Dive Brief:
- District Administration reports that some states are reexamining their testing requirements in the wake of growing concerns that standardized testing was taking too much time and focus from actual classroom learning.
- In the wake of these concerns, Ohio has eliminated social studies exams in some grades, New York has cut standardized testing in public schools by one day in reading and math, and Maryland passed the “More Learning, Less Testing Act,” capping standardized testing at about 25 hours of classroom time per year.
- Many school districts and states find they can cut testing by eliminating tests that duplicate results or are no longer relevant to informed instruction.
Dive Insight:
The Council of Great City Schools reports that the average student in the 66 school districts it examined takes 112 mandated standardized tests between pre-K and grade 12. Many tests create a stressful environment for students and staff, and they can also interfere with the very creative learning and instruction that brings the most joy to the learning process.
In a data-hungry environment, the need for some standardized testing is evident.
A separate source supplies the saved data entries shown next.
Section product_chain.
Local Open Scope ereal_scope.
Context {R : realType} {dS dQ dA dO : measure_display}
  {S : measurableType dS} {Q : measurableType dQ} {Act : measurableType dA}
  {AP : finType} {Omega : measurableType dO}.
Variables (P : R.-pker (S * Act)%type ~> S) (pol : R.-pker (S * Q)%type ~> Act)
  (L : S -> {set AP}) (delta : Q -> {set AP} -> Q)
  (Pr : (S * Q)%type -> probability Omega R)
  (St : nat -> Omega -> (S * Q)%type) (At : nat -> Omega -> Act).
Hypothesis measurable_Q : forall D : set Q, measurable D.
Hypothesis measurable_L : forall l : {set AP}, measurable (L @^-1` [set l]).
Hypothesis process : product_process P pol L delta Pr St At.

Local Notation X := (S * Q)%type.

Definition aut_step (x : X) : Q := delta x.2 (L x.1).

Lemma measurable_aut_step : measurable_fun [set: X] aut_step.
Proof.
move=> _ D _; rewrite setTI.
have -> : aut_step @^-1` D =
    \bigcup_(l in [set: {set AP}]) (L @^-1` [set l] `*` [set q | D (delta q l)]).
  apply/seteqP; split => [[s q] /= Dx|[s q] [l _ [/= Ls Dq]]]; first by exists (L s).
  by rewrite /aut_step /= Ls.
apply: fin_bigcup_measurable; first exact: (@finite_finset _ [set: {set AP}]).
by move=> l _; exact: measurableX.
Qed.

Definition next_state (p : ((X * Act) * S)%type) : X := (p.2, aut_step p.1.1).

Lemma measurable_next_state : measurable_fun [set: (X * Act) * S] next_state.
Proof.
apply: measurable_fun_pair; first exact: measurable_snd.
apply: measurableT_comp measurable_aut_step _.
exact: measurableT_comp measurable_fst measurable_fst.
Qed.

Definition step_kernel := pol \; (mdp_kernel P \; kdirac measurable_next_state).

Definition step_integral (f : X -> \bar R) (x : X) : \bar R :=
  \int[pol x]_a \int[P (x.1, a)]_s f (s, aut_step x).

Lemma integral_step_kernel f x : (forall y, 0 <= f y) -> measurable_fun setT f ->
  \int[step_kernel x]_y f y = step_integral f x.
Proof.
move=> f0 mf; rewrite /step_kernel /= integral_kcomp //; apply: eq_integral => a _.
rewrite /= integral_kcomp //; apply: eq_integral => s _.
by rewrite /kdirac /= integral_dirac // diracT mul1e.
Qed.

Lemma step_integral_ge0 f x : (forall y, 0 <= f y) -> 0 <= step_integral f x.
Proof. by move=> f0; apply: integral_ge0 => a _; exact: integral_ge0. Qed.

Lemma measurable_step_integral f : (forall y, 0 <= f y) -> measurable_fun setT f ->
  measurable_fun setT (step_integral f).
Proof.
move=> f0 mf.
have -> : step_integral f = kfcomp pol (kfcomp (mdp_kernel P) (f \o next_state)) by [].
apply: measurable_kfcomp => [|xa]; last by apply: integral_ge0 => s _; exact: f0.
apply: measurable_kfcomp => [|?]; last exact: f0.
exact: measurableT_comp mf measurable_next_state.
Qed.

Lemma measurable_St t : measurable_fun [set: Omega] (St t).
Proof. by case: process. Qed.

Lemma measurable_St_preimage t (Y : set X) : measurable Y -> measurable (St t @^-1` Y).
Proof. by move=> mY; rewrite -[E in measurable E]setTI; exact: measurable_St. Qed.

Definition time_cylinder (t : nat) (Y : set X) : seq (set (X * Act)%type) :=
  rcons (nseq t [set: X * Act]) (Y `*` [set: Act]).

Lemma time_cylinder_measurable t Y : measurable Y ->
  forall C, List.In C (time_cylinder t Y) -> measurable C.
Proof.
move=> mY; elim: t => [|t IH] C /=; first by move=> [<-|//]; exact: measurableX.
by move=> [<-|/IH//]; exact: measurableT.
Qed.

Lemma bigcap_time_cylinder t Y :
  \bigcap_(i in [set i | (i < size (time_cylinder t Y))%N])
     [set w | nth set0 (time_cylinder t Y) i (St i w, At i w)] = St t @^-1` Y.
Proof.
rewrite /time_cylinder size_rcons size_nseq; apply/seteqP; split => w /=.
  by move=> /(_ t (ltnSn t)); rewrite nth_rcons size_nseq ltnn eqxx; case.
move=> Yw i /= it; rewrite nth_rcons size_nseq nth_nseq.
case: ltnP => // ti; have -> : i = t by apply/eqP; rewrite eqn_leq ti -ltnS it.
by rewrite eqxx.
Qed.

Definition prob_at (Y : set X) (t : nat) (x : X) : \bar R :=
  prod_fdd P pol L delta (time_cylinder t Y) x.

Lemma prob_atE Y t x : measurable Y -> Pr x (St t @^-1` Y) = prob_at Y t x.
Proof.
move=> mY; case: process => _ _ fdd.
by rewrite -bigcap_time_cylinder fdd //; exact: time_cylinder_measurable.
Qed.

Lemma prob_at0 Y x : prob_at Y 0 x = (\1_Y x)%:E.
Proof.
have indicX a : (\1_(Y `*` [set: Act]) (x, a))%:E = (\1_Y x)%:E :> \bar R.
  rewrite !indicE; congr (_%:R%:E); congr nat_of_bool.
  by apply/idP/idP => /set_mem H; apply/mem_set; [case: H|split].
rewrite /prob_at /time_cylinder /=.
under eq_integral => a _ do rewrite integral_cst // mul1e prob_kernel mule1 indicX.
by rewrite integral_cst // prob_kernel mule1.
Qed.

Lemma prob_atS Y t x : prob_at Y t.+1 x = step_integral (prob_at Y t) x.
Proof. by apply: eq_integral => a _; rewrite indicT mul1e. Qed.

Lemma prob_at_ge0 Y t x : 0 <= prob_at Y t x.
Proof.
elim: t x => [|t IH] x; first by rewrite prob_at0 lee_fin.
by rewrite prob_atS; exact: step_integral_ge0.
Qed.

Lemma prob_at_le1 Y t x : measurable Y -> prob_at Y t x <= 1.
Proof.
move=> mY; rewrite -prob_atE //.
by apply: probability_le1; exact: measurable_St_preimage.
Qed.

Lemma measurable_prob_at Y t : measurable Y -> measurable_fun setT (prob_at Y t).
Proof.
move=> mY; elim: t => [|t IH].
  rewrite (_ : prob_at Y 0 = (fun x => (\1_Y x)%:E)); last first.
    by apply/funext => x; rewrite prob_at0.
  by apply/measurable_EFinP; exact: measurable_indic.
rewrite (_ : prob_at Y t.+1 = step_integral (prob_at Y t)); last first.
  by apply/funext => x; rewrite prob_atS.
by apply: measurable_step_integral => // y; exact: prob_at_ge0.
Qed.

Lemma prob_at_le U V t x : measurable U -> measurable V -> U `<=` V ->
  prob_at U t x <= prob_at V t x.
Proof.
move=> mU mV UV; rewrite -!prob_atE //.
by apply: le_measure; rewrite ?inE; [exact: measurable_St_preimage..|move=> w /UV].
Qed.

(* The law of S_1 under Pr x is step_kernel x: both give
   Pr x (St 1 @^-1` A) = prob_at A 1 x on measurable sets. *)
Lemma integral_St1 f x : (forall y, 0 <= f y) -> measurable_fun setT f ->
  \int[Pr x]_w f (St 1 w) = step_integral f x.
Proof.
move=> f0 mf; rewrite -integral_step_kernel //.
have := ge0_integral_pushforward (measurable_St 1) (Pr x) measurableT mf
  (fun y _ => f0 y).
rewrite preimage_setT -[\int[Pr x]_(w in setT) _]/(\int[Pr x]_w f (St 1 w)) => <-.
apply: eq_measure_integral; first exact: measurable_St.
move=> mS1 A mA _.
rewrite -[LHS]/(Pr x (St 1 @^-1` A)) prob_atE // prob_atS -integral_step_kernel.
- rewrite (eq_integral (fun y => (\1_A y)%:E)) => [|y _]; last by rewrite prob_at0.
  by rewrite integral_indic ?setIT.
- by move=> y; exact: prob_at_ge0.
- exact: measurable_prob_at.
Qed.

Lemma prob_atS_integral Y t x : measurable Y ->
  prob_at Y t.+1 x = \int[Pr x]_w prob_at Y t (St 1 w).
Proof.
move=> mY; rewrite prob_atS integral_St1 // => [y|]; first exact: prob_at_ge0.
exact: measurable_prob_at.
Qed.

Lemma AbsE Y : measurable Y ->
  Abs Pr St Y = [set y | forall t, prob_at Y t y = 1].
Proof.
move=> mY; apply/seteqP; split => y /= Hy.
  move=> t; apply/le_anti; rewrite prob_at_le1 //= -Hy -prob_atE //.
  apply: le_measure; rewrite ?inE; [|exact: measurable_St_preimage|by move=> w /(_ t I)].
  by apply: bigcapT_measurable => i; exact: measurable_St_preimage.
apply: probability1_ae.
  by apply: bigcapT_measurable => t; exact: measurable_St_preimage.
have : \forall w \ae Pr y, forall t, Y (St t w).
  apply: ae_foralln => t; apply: ae_probability1; first exact: measurable_St_preimage.
  by rewrite prob_atE // Hy.
by apply: filterS => w Hw t _; exact: Hw.
Qed.

Lemma measurable_Abs Y : measurable Y -> measurable (Abs Pr St Y).
Proof.
move=> mY; rewrite AbsE //.
have -> : [set y | forall t, prob_at Y t y = 1] = \bigcap_t (prob_at Y t @^-1` [set 1]).
  by apply/seteqP; split => [y H t _|y H t]; [exact: H|exact: H t I].
apply: bigcapT_measurable => t; rewrite -[E in measurable E]setTI.
by apply: measurable_prob_at => //; exact: emeasurable_set1.
Qed.

Lemma Abs_sub Y : measurable Y -> Abs Pr St Y `<=` Y.
Proof.
move=> mY y; rewrite AbsE // => /(_ 0%N); rewrite prob_at0 indicE.
case: (boolP (y \in Y)) => [/set_mem //|_].
by move/eqP; rewrite /= mulr0n eqe eq_sym oner_eq0.
Qed.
In order to make informed decisions, teachers, administrators and school boards need data that compares performance of students against their peers in the same classroom, district, state, nation and beyond. In this way, they can develop an accountability model that helps them improve instruction and pinpoint academic areas that need new strategies
However, achievement testing is also used to determine the future of students, teachers, schools and entire districts. The weight of such fate-determining tests can cause schools to lose their focus on providing instruction in areas, such as the arts and creative and critical thinking, which are equally as important as math, reading, science and social studies, but which are not as easily measured
Evaluation of the right amount of testing is necessary for states and school districts as they try to find the balance.